Fish and seafood – We believe that the healthiest protein for your heart is fresh cold-water deep sea ocean fish. Salmon, tuna, sardines, herring, anchovies and mackerel are all good choices of fish containing good levels of omega 3. It is best to get three to four serving of fish per week. If you are not keen on seafood, take a few omega 3 fish oils capsules daily and eat some walnuts, they are the only nut containing appreciable amounts of omega 3.
Beans – Viewed by many as vegetarian (or “poor”) way of eating, beans are a great and are often a completely overlooked source of protein by many people who live in the Western developed countries. Relatively few people take the time to cook interesting and varied recipes that include beans, and you can work wonders for your heart health by discovering the versatility that bean dishes can bring to your table.
Try making meatless Mexican taco, burrito or chilli dishes. You can make hearty soups or even add canned red kidney beans or chickpeas to salads.
Eat between 1-3 serves of protein depending on your calorie requirements – a 150 gram can of ‘lite’ tuna, 2 small or 1 large fillet of cooked fish, 1/2 cup lean beef mince or casserole, 1 cup cooked dried beans. Aim for fresh fish often, and oily fish is the best for heart health, e.g mackerel, tuna, sardines, anchovies.
Milk and dairy products –Eat 2-3 serves depending on your calorie requirements 1 cup trim or very low-fat milk, 1/3 cup cottage cheese, 1 small container of low-fat yoghurt, 2 Tbsp grated Parmesan cheese. Dairy is NOT the best choice for those with established coronary artery disease.
Oils, spreads, nuts, seeds and avocado –Eat more nuts, and try different nuts you may not have had much before – like macadamias, walnuts, hazelnuts or pistachios. Sprinkle them on cereals, salads, yoghurt, stir-fry dishes and many other meals or snacks. Ensure you don’t overeat nuts and have unsalted to make sure you keep your blood pressure in check.
Choose products made from olive, sunflower, rice bran, canola, or safflower oil.
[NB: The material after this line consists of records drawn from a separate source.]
Lemma overlap_hole_down D X D' p' c0' Z :
  D ++ X ~~ D' ++ [IComp p' (fill c0' Z)] -> overlap (Hole D) X (Down D' p' c0') Z.
Proof.
  intros H.
  assert (H' : IComp p' (fill c0' Z) :: D' ~~ D ++ X) by (eapply eqv_trans; [|apply eqv_sym, H]; eqv_solve).
  apply eqv_cons_app in H' as [[D1 [y [D2 [-> [Hy HD']]]]]|[X1 [y [X2 [-> [Hy HD']]]]]].
  - apply ov_disjoint with (KL (D1 ++ D2) p' c0'); simpl.
    + eapply eqv_trans; [apply eqv_mid, ie_sym, Hy|]. eqv_solve.
    + repeat split; auto using ceq_refl. rewrite <- app_assoc; auto.
  - apply ie_comp_inv in Hy as [u [-> Hu]].
    apply ov_in_left with X1 p' u X2 c0'; simpl; repeat split; auto using eqv_sym, ceq_refl.
Qed.

Lemma overlap_down_hole D p c0 X D' Z :
  D ++ [IComp p (fill c0 X)] ~~ D' ++ Z -> overlap (Down D p c0) X (Hole D') Z.
Proof.
  intros H.
  assert (H' : IComp p (fill c0 X) :: D ~~ D' ++ Z) by (eapply eqv_trans; [|apply H]; eqv_solve).
  apply eqv_cons_app in H' as [[D1 [y [D2 [-> [Hy HD']]]]]|[Z1 [y [Z2 [-> [Hy HD']]]]]].
  - apply ov_disjoint with (KR (D1 ++ D2) p c0); simpl.
    + repeat split; auto using ceq_refl. rewrite <- app_assoc; auto.
    + eapply eqv_trans; [apply eqv_mid, ie_sym, Hy|]. eqv_solve.
  - apply ie_comp_inv in Hy as [u [-> Hu]].
    apply ov_in_right with Z1 p u Z2 c0; simpl; repeat split; auto using eqv_sym, ceq_refl.
Qed.

Lemma fill_eqv_overlap c X c' Z : fill c X ~~ fill c' Z -> overlap c X c' Z.
Proof.
  revert c'; induction c as [D|D p c0 IH]; intros [D'|D' p' c0'] H; simpl in H;
    auto using overlap_hole_hole, overlap_hole_down, overlap_down_hole.
  assert (H' : IComp p (fill c0 X) :: D ~~ D' ++ [IComp p' (fill c0' Z)])
    by (eapply eqv_trans; [|apply H]; eqv_solve).
  apply eqv_cons_app in H' as [[D1 [y [D2 [-> [Hy HD']]]]]|[B1 [y [B2 [HB [Hy HD']]]]]].
  - assert (H2 : IComp p' (fill c0' Z) :: (D1 ++ D2) ~~ D)
      by (eapply eqv_trans; [|apply eqv_sym, HD']; eqv_solve).
    apply eqv_cons_inv in H2 as [E1 [z [E2 [-> [Hz HE]]]]].
    apply ov_disjoint with (KS (E1 ++ E2) p c0 p' c0'); simpl; repeat split; auto using ceq_refl.
    + eapply eqv_trans; [apply eqv_mid, ie_sym, Hz|]. eqv_solve.
    + eapply eqv_trans; [apply eqv_mid, ie_sym, Hy|].
      eapply eqv_trans; [|apply eqv_app; [apply HE|apply eqv_refl]]. eqv_solve.
  - destruct B1 as [|b [|]]; simpl in HB; inversion HB; subst. rewrite app_nil_r in HD'.
    apply ie_comp_comp_inv in Hy as [<- Hc].
    destruct (IH c0' Hc)
      as [K H1 H2|Z1 e u Z2 c3 H1 H2 H3|X1 e u X2 c3 H1 H2 H3|a M X0 Z0 E H1 H2 H3 H4 H5].
    + apply ov_disjoint with (KD D p K); simpl; repeat split; auto using eqv_sym.
    + apply ov_in_right with Z1 e u Z2 c3; simpl; repeat split; auto using eqv_sym.
    + apply ov_in_left with X1 e u X2 c3; simpl; repeat split; auto using eqv_sym.
    + apply ov_shared with (Down D p a) M X0 Z0 E; simpl; repeat split; auto using eqv_sym.
Qed.

(** * The cut-free calculus with derivation heights *)

(* A rule instance is a schema [schema T Z] used in a context c: its conclusion
   is [fill c Z], and its premisses are [fill c Z'] for [PCtx Z'],
   [fill (down c) Z'] for [PDown Z'], and the context-free side premisses s of
   the modal rules for [PFixed s]. *)
Inductive premiss : Type := PCtx (Z : seqnt) | PDown (Z : seqnt) | PFixed (s : seqnt).

Definition premiss_at (c : ctx) (t : premiss) : seqnt :=
  match t with PCtx Z => fill c Z | PDown Z => fill (down c) Z | PFixed s => s end.

Inductive schema : list premiss -> seqnt -> Prop :=
| s_init p : schema [] [IIn (Var p); IOut (Var p)]
| s_bot : schema [] [IIn Bot]
| s_andL f g : schema [PCtx [IIn f; IIn g]] [IIn (And f g)]
| s_andR f g : schema [PCtx [IOut f]; PCtx [IOut g]] [IOut (And f g)]
| s_orL f g : schema [PCtx [IIn f]; PCtx [IIn g]] [IIn (Or f g)]
| s_orR1 f g : schema [PCtx [IOut f]] [IOut (Or f g)]
| s_orR2 f g : schema [PCtx [IOut g]] [IOut (Or f g)]
| s_impL f g : schema [PDown [IIn (Imp f g); IOut f]; PCtx [IIn g]] [IIn (Imp f g)]
| s_impR f g : schema [PCtx [IIn f; IOut g]] [IOut (Imp f g)]
| s_boxL f g e D : schema [PFixed [IIn f; IOut e]; PFixed [IIn e; IOut f];
                          PCtx [IIn (Box f g); IComp e (IIn g :: D)]] [IIn (Box f g); IComp e D]
| s_boxR f g : schema [PCtx [IComp f [IOut g]]] [IOut (Box f g)]
| s_diaL f g : schema [PCtx [IComp f [IIn g]]] [IIn (Dia f g)]
| s_diaR f g e D : schema [PFixed [IIn f; IOut e]; PFixed [IIn e; IOut f];
                          PCtx [IComp e (IOut g :: D)]] [IOut (Dia f g); IComp e D].

(* Sequents with any number of outputs are derived here; nestedness is only
   recovered in [hder_derivable]. *)
Inductive hder : nat -> seqnt -> Prop :=
| hder_rule n c T Z s : schema T Z -> fill c Z ~~ s -> (forall t, In t T -> hder n (premiss_at c t)) ->
  hder (S n) s.

Definition cfder s := exists n, hder n s.

Lemma hder_eqv n s s' : hder n s -> s ~~ s' -> hder n s'.
Proof. intros H; inversion H; subst; intros; econstructor; eauto using eqv_trans. Qed.

Lemma cfder_eqv s s' : cfder s -> s ~~ s' -> cfder s'.
Proof. intros [n H] E; exists n; eauto using hder_eqv. Qed.

Lemma hder_mono n s : hder n s -> forall m, n <= m -> hder m s.
Proof.
  induction 1; intros m Hm. destruct m; [lia|].
  econstructor; eauto. intros t Ht. apply H2; auto; lia.
Qed.

Lemma hder_S n s : hder n s -> hder (S n) s.
Proof. intros; eapply hder_mono; eauto. Qed.

Lemma hder_cfder n s : hder n s -> cfder s. Proof. exists n; auto. Qed.

Lemma hder_schema n c T Z :
  schema T Z -> (forall t, In t T -> hder n (premiss_at c t)) -> hder (S n) (fill c Z).
Proof. intros; econstructor; eauto. Qed.

Lemma cfder_rule c T Z : schema T Z -> (forall t, In t T -> cfder (premiss_at c t)) -> cfder (fill c Z).
Proof.
  intros HR HT.
  assert (Hm : exists m, forall t, In t T -> hder m (premiss_at c t)).
  { clear HR. induction T as [|t T IH].
    - exists 0; intros t [].
    - destruct (HT t (or_introl eq_refl)) as [n1 H1].
      destruct IH as [n2 H2]; [intros; apply HT; right; auto|].
      exists (max n1 n2). intros t' [<-|Ht']; eapply hder_mono; eauto; lia. }
  destruct Hm as [m Hm]. exists (S m). econstructor; eauto.
Qed.

Lemma premiss_at_ceq c1 c2 t : ceq c1 c2 -> premiss_at c1 t ~~ premiss_at c2 t.
Proof. destruct t; simpl; intros; auto using ceq_fill, ceq_down. Qed.

Lemma schema_comp_inv T Z1 h u Z2 : schema T (Z1 ++ IComp h u :: Z2) ->
  exists g0 W w, Z2 = [] /\ strip W = strip Z1 /\
    T = [PFixed [IIn g0; IOut h]; PFixed [IIn h; IOut g0]; PCtx (W ++ [IComp h (w :: u)])] /\
    forall e u', schema [PFixed [IIn g0; IOut e]; PFixed [IIn e; IOut g0]; PCtx (W ++ [IComp e (w :: u')])]
                        (Z1 ++ [IComp e u']).
Proof.
  intros H; inversion H; subst;
  repeat match goal with
  | H : _ = _ ++ _ :: _ |- _ => symmetry in H
  | H : ?Z1 ++ _ :: _ = _ |- _ => destruct Z1 as [|? Z1]; simpl in H; inversion H; subst; clear H
  end; try discriminate;
  try (match goal with H : [] = _ ++ _ :: _ |- _ => apply app_cons_not_nil in H; contradiction end).
  - eexists _, [IIn (Box _ _)], _; repeat split. intros; simpl; constructor.
  - eexists _, [], _; repeat split. intros; simpl; constructor.
Qed.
Other good choices are sesame, pumpkin and sunflower seeds or almond and Brazil nuts. Eat 3 or more serves depending on calorie requirements. Avocado is another excellent choice, but walnuts are the best nut for the heart as they contain omega 3.
Peanut butter and tahini – These contain monounsaturated fats, high levels of protein, vitamin E, fibre and various minerals like calcium and magnesium. Spread them on some pure rye bread or use as dips for baby carrots, slices of apple, pears or pieces of carrot and celery.
Reduce your intake of saturated fats – Remove most of the skin from chicken or turkey and trim the visible fat from all meats, and replace cream for yoghurt in recipes where possible.
Monounsaturated fats – Buy an olive oil sprayer and use in your cooking. Use olive oil or sunflower oil instead of “blended” vegetable oils. A small amount of butter is acceptable, and we do like you to avoid margarine. Coconut oil is proving to be an excellent choice, even though it is a saturated fat, it does not appear to be a cause of heart disease.
Avoid trans fats – Avoid packaged snacks and baked goods with partially hydrogenated fats or oils listed as ingredients. Use olive oil instead. Most Australian and NZ food manufacturers have been trying to remove all trans fats from spreads.
Non alcoholic drinks – Between 6-8 (non-alcoholic) drinks daily – choose from water, one cup tea, one cup of coffee and/or dilute fruit juice.
Alcoholic drinks – Low to moderate alcohol consumption can be an enjoyable, positive aspect of social life and this consumption has also been shown to have a protective effect in heart disease – probably due to the relaxing effect of alcohol on the person. However heavy drinking is associated with an increased risk of coronary heart disease and stroke, particularly if the person smokes.